Friday, June 19, 2020

The Third Screw Up

Of all the screwups, this one is my least favorite.  For all you novelists out there, this is not going to be news.  For everyone else, please know that bringing this up brings me no pleasure.  Remember that I was once a lowly writer who wanted to be a novelist... so, yes, the thing I am going to mention has happened to me.

Sometimes, someone tells me they've written a novel and they ask me to have a look at it.  They send over the electronic file and I open it.  Before I read any of the text, I check the word count because I'm concerned about this problem.

It's 15,000 words.

I write the author back and ask them where the rest of it is, hoping that there's more they haven't sent me for some reason.

There isn't more.  That's all of it.

Then I have the very non-fun job of informing them that their novel is not a novel.  It's a short story.

The author is confused.  There are chapters.  There are over twenty of them.

I get to explain that it doesn't matter that they cut their writing into chapters.  It's still not a novel.  To help explain, I start at the beginning.  500 - 20,000 words is a short story.  20,000 words to 40,000 words is a novella.  40,000 words to 60,000 words is a lazy man's novel (a lot of Harlequins are written in this range).  60,000 - 100,000 is a perfectly respectable novel with the sweet spot being at approximately 86,000 words.  100,000+ is for high fantasy authors who have really decent publishing companies backing them.  Independent authors can't market books of that length.  The word count is too large and there ends up being too much paper involved in the production of the book for it to be profitable. 
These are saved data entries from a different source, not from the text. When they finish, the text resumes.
(* Consider a mean-variance team stochastic game as described in the context and a joint policy $\boldsymbol{\mu}^*\in\mathcal{U}$. Then $\boldsymbol{\mu}^*$ is a strict local Nash equilibrium if and only if it is a strict local maximum of $J$, i.e. there exists $\bar\delta\in(0,1]$ such that for all $\delta\in(0,\bar\delta]$ and all $\boldsymbol{\mu}=(\mu_1,\dots,\mu_N)\in\mathcal{U}$ with $\boldsymbol{\mu}\neq\boldsymbol{\mu}^*$, $$J(\boldsymbol{\mu}^* )>J\big((1-\delta)\mu_1^*+\delta\mu_1,\dots,(1-\delta)\mu_N^*+\delta\mu_N\big).$$
   Context: Game: finite agents $\mathcal{N}=\{1,\dots,N\}$, finite state space $\mathcal{S}$, finite action sets $\mathcal{A}_i$, $\mathcal{A}=\prod_i\mathcal{A}_i$, transition kernel $P(s'|s,\boldsymbol{a})$, common reward $r:\mathcal{S}\times\mathcal{A}\to\mathbb{R}$. Policies $\mu_i:\mathcal{S}\to\Delta(\mathcal{A}_i)$ (set $\mathcal{U}_i$); joint policies $\boldsymbol{\mu}\in\mathcal{U}=\prod_i\mathcal{U}_i$ with $\boldsymbol{\mu}(\boldsymbol{a}|s)=\prod_i\mu_i(a_i|s)$; $(\mu_i,\boldsymbol{\mu}_{-i})$ means agent $i$ uses $\mu_i$, others use $\boldsymbol{\mu}_{-i}$; $(1-\delta)\mu^*_i+\delta\mu_i$ is the policy $s\mapsto(1-\delta)\mu^*_i(\cdot|s)+\delta\mu_i(\cdot|s)$. Standing assumption: the chain $P^{\boldsymbol{\mu}}(s'|s)=\sum_{\boldsymbol{a}}\boldsymbol{\mu}(\boldsymbol{a}|s)P(s'|s,\boldsymbol{a})$ is ergodic for every $\boldsymbol{\mu}\in\mathcal{U}$, stationary distribution $\pi^{\boldsymbol{\mu}}$. $\eta(\boldsymbol{\mu})=\sum_s\pi^{\boldsymbol{\mu}}(s)\sum_{\boldsymbol{a}}\boldsymbol{\mu}(\boldsymbol{a}|s)r(s,\boldsymbol{a})$; $\zeta(\boldsymbol{\mu})=\sum_s\pi^{\boldsymbol{\mu}}(s)\sum_{\boldsymbol{a}}\boldsymbol{\mu}(\boldsymbol{a}|s)(r(s,\boldsymbol{a})-\eta(\boldsymbol{\mu}))^2$; for fixed $\beta\ge0$, $J(\boldsymbol{\mu})=\eta(\boldsymbol{\mu})-\beta\zeta(\boldsymbol{\mu})$. A joint policy $\boldsymbol{\mu}^*$ is a strict local Nash equilibrium if there is $\bar\delta\in(0,1]$ such that for all $\delta\in(0,\bar\delta]$, all $i\in\mathcal{N}$ and all $\mu_i\in\mathcal{U}_i$ with $\mu_i\neq\mu_i^*$: $J(\mu_i^*,\boldsymbol{\mu}^*_{-i})>J((1-\delta)\mu_i^*+\delta\mu_i,\boldsymbol{\mu}^*_{-i})$. *)

From HB Require Import structures.
From mathcomp Require Import all_boot all_order all_algebra.
Set Implicit Arguments. Unset Strict Implicit. Unset Printing Implicit Defensive.
Import Order.TTheory GRing.Theory Num.Theory.
Local Open Scope ring_scope.

Section Game.
Variable R : realFieldType.
Variable N : nat.
Variable S : finType.
Variable A : 'I_N -> finType.

Definition jact := {dffun forall i : 'I_N, A i}.

Definition pol (i : 'I_N) := {ffun S -> {ffun A i -> R}}.
Definition jpol := {dffun forall i : 'I_N, pol i}.

Definition is_policy (i : 'I_N) (m : pol i) : Prop :=
  (forall s a, 0 <= m s a) /\ (forall s, \sum_(a : A i) m s a = 1).
Definition is_jpolicy (mu : jpol) : Prop := forall i, is_policy (mu i).

Definition is_kernel (P : S -> jact -> S -> R) : Prop :=
  (forall s a s', 0 <= P s a s') /\ (forall s a, \sum_(s' : S) P s a s' = 1).

Definition jprob (mu : jpol) (s : S) (a : jact) : R := \prod_(i < N) mu i s (a i).

Definition chain (P : S -> jact -> S -> R) (mu : jpol) (s s' : S) : R :=
  \sum_(a : jact) jprob mu s a * P s a s'.

Fixpoint nstep (P : S -> jact -> S -> R) (mu : jpol) (n : nat) (s s' : S) : R :=
  match n with
  | O => (s == s')%:R
  | n'.+1 => \sum_(t : S) nstep P mu n' s t * chain P mu t s'
  end.

(* ergodic finite chain (irreducible and aperiodic, i.e. regular):
   some power of the transition matrix is entrywise positive *)
Definition ergodic (P : S -> jact -> S -> R) (mu : jpol) : Prop :=
  exists n : nat, forall s s', 0 < nstep P mu n s s'.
The author is embarrassed because they thought they'd written a novel.  Not only that but cracking out those 15,000 words was really hard for them.  I know.  Like I said, I've had this happen to me as well.

Getting past this problem requires a two-prong strategy.

First, you should think about the fire in your belly.  That fire inside you needs to burn long and hot.  Basically, this means that you have to angry.  You need to feel like books and their authors have let you down.  You need to want to make something different than anybody else.  If all you want to do is write the sorts of things you enjoy reading, you may not have enough fire to power your dream.  You need to believe that you have something to offer than no one else does, that your contribution to the writing world is INDISPENSABLE.  You need to be on fire.  If you feel this way, this setback will be nothing more than a blip and you'll soon pass over any embarrassment you felt writing a short story and trying to pass it off as a novel.

The second thing to note is that you are only at the beginning of your journey.  I'm an old hag and as an old hag, who has been doing this for twenty-five years, I can tell you, you're going to get better.  Things will flow better as you get more practice.  I can write 15,000 words in a day if I'm left alone to do it.  What was once rough will become smooth.


1 comment:

Crystal Wolff said...

I love it! Honest and encouraging.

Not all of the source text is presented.